**Task objective:** Go through the records, and copy each line in which the string "negP" is present.

**Stored data:**
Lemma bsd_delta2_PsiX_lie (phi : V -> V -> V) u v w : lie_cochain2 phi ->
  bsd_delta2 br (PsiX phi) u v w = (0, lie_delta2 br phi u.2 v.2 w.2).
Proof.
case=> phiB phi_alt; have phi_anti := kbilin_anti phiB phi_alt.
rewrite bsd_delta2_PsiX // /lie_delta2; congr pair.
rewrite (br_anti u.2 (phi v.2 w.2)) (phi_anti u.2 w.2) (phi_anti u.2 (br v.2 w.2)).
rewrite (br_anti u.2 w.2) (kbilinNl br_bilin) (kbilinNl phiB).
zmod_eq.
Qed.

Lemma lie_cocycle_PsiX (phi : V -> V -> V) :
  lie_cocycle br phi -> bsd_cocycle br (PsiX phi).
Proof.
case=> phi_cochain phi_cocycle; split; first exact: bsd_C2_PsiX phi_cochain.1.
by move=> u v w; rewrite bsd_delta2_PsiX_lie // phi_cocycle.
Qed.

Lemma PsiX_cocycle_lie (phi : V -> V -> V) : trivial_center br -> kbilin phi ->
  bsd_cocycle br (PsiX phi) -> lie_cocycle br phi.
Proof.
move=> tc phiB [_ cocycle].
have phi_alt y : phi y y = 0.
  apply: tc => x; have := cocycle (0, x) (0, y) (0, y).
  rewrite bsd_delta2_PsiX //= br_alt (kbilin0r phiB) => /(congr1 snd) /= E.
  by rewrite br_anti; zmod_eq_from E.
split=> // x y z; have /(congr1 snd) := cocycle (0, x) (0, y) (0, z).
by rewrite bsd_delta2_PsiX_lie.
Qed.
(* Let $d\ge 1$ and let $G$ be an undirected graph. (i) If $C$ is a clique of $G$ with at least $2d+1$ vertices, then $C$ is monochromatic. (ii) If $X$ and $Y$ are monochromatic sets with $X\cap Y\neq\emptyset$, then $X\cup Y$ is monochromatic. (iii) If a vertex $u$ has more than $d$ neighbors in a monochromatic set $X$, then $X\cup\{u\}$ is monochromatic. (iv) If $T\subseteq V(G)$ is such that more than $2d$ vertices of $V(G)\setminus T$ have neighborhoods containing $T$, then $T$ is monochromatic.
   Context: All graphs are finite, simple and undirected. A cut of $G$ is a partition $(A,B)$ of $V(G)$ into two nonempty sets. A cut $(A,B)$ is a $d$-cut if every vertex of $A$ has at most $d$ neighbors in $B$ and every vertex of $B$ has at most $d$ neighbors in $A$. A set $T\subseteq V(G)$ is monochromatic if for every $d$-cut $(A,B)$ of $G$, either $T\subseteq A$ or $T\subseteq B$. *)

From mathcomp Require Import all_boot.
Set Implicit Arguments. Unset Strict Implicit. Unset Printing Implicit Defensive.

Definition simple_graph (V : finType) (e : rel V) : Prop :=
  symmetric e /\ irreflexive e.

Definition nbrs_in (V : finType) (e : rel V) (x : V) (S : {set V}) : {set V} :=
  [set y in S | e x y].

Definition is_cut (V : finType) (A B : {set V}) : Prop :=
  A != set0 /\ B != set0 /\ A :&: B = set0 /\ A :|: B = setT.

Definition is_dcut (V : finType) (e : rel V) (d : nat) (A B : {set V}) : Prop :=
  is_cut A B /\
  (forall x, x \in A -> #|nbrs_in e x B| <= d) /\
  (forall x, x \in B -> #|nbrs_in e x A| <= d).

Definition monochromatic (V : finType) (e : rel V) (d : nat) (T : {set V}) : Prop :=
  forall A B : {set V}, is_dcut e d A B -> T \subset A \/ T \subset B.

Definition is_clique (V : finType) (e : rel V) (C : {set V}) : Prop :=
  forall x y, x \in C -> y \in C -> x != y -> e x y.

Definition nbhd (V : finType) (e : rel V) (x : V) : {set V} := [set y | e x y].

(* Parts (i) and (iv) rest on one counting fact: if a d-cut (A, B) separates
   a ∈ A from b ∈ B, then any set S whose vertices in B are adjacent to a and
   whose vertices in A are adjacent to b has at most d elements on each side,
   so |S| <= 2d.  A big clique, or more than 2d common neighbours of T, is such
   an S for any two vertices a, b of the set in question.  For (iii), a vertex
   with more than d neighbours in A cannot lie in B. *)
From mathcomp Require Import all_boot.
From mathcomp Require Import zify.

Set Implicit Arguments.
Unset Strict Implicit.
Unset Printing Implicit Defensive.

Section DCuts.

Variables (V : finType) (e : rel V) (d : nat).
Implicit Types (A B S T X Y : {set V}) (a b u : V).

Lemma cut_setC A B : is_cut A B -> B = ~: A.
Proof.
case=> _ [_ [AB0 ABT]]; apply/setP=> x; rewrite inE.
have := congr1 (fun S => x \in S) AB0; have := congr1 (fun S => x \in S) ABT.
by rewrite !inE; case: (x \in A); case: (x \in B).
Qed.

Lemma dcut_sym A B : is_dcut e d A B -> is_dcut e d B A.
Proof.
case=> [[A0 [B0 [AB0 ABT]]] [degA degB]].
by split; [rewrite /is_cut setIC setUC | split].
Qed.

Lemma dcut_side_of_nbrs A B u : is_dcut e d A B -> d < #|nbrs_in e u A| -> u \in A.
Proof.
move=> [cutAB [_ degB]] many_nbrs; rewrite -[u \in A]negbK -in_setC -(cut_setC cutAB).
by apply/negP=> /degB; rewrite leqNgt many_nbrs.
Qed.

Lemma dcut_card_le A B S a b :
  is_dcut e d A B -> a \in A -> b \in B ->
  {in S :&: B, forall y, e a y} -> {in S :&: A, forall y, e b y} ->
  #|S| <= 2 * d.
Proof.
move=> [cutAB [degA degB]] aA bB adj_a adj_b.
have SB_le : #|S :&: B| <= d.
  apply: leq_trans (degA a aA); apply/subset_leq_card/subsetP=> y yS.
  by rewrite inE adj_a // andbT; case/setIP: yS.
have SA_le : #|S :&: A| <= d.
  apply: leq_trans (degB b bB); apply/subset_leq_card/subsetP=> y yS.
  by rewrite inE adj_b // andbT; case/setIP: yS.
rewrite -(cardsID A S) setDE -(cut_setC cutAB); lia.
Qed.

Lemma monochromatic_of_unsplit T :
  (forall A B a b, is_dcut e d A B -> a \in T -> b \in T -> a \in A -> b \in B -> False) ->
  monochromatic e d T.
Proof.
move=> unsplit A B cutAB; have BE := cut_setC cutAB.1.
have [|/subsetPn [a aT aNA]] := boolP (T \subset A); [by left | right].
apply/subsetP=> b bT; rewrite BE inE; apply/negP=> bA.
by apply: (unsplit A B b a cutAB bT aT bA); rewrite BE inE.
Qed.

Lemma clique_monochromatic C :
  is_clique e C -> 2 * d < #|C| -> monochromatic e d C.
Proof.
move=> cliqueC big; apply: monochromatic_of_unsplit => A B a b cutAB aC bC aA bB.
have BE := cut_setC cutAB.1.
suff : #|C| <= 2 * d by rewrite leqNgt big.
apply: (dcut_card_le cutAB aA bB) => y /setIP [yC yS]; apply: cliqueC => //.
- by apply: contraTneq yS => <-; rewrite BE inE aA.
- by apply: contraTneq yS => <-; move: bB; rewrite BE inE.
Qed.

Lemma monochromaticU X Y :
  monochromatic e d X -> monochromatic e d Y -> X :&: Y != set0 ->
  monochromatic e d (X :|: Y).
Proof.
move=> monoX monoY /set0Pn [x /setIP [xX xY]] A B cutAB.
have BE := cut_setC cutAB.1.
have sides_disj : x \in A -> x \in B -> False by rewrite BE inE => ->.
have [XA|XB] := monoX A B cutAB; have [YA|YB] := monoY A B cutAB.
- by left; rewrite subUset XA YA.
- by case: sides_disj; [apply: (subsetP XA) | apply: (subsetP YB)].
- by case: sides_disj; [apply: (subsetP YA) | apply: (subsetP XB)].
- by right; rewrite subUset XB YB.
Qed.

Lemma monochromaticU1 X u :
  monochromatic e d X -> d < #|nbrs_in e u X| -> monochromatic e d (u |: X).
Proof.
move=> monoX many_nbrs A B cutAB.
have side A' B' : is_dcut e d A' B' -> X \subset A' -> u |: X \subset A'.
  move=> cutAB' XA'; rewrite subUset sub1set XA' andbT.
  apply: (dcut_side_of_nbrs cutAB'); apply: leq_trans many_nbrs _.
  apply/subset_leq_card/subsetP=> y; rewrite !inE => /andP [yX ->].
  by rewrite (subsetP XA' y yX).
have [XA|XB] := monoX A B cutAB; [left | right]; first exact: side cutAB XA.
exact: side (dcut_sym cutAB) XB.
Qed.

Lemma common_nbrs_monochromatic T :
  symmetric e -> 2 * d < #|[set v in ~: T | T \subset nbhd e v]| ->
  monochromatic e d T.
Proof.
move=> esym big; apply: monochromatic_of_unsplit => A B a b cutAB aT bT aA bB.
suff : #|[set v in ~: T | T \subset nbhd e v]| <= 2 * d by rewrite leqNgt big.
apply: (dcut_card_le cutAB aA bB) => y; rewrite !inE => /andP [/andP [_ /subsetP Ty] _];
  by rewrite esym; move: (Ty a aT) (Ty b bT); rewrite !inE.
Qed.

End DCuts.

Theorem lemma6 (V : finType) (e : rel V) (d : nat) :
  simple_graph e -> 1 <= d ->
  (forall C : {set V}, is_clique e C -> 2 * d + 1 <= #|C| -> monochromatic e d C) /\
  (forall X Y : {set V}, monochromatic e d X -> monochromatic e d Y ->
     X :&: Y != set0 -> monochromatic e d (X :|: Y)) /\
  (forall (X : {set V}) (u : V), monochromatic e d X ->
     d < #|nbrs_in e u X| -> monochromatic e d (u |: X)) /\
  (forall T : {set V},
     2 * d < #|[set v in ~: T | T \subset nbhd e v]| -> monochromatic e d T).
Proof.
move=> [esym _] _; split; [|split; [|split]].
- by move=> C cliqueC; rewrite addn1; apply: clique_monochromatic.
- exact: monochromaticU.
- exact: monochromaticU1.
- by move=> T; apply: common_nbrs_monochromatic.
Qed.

**Answer to this exercise:**
by apply/negP=> /degB; rewrite leqNgt many_nbrs.
apply/subsetP=> b bT; rewrite BE inE; apply/negP=> bA.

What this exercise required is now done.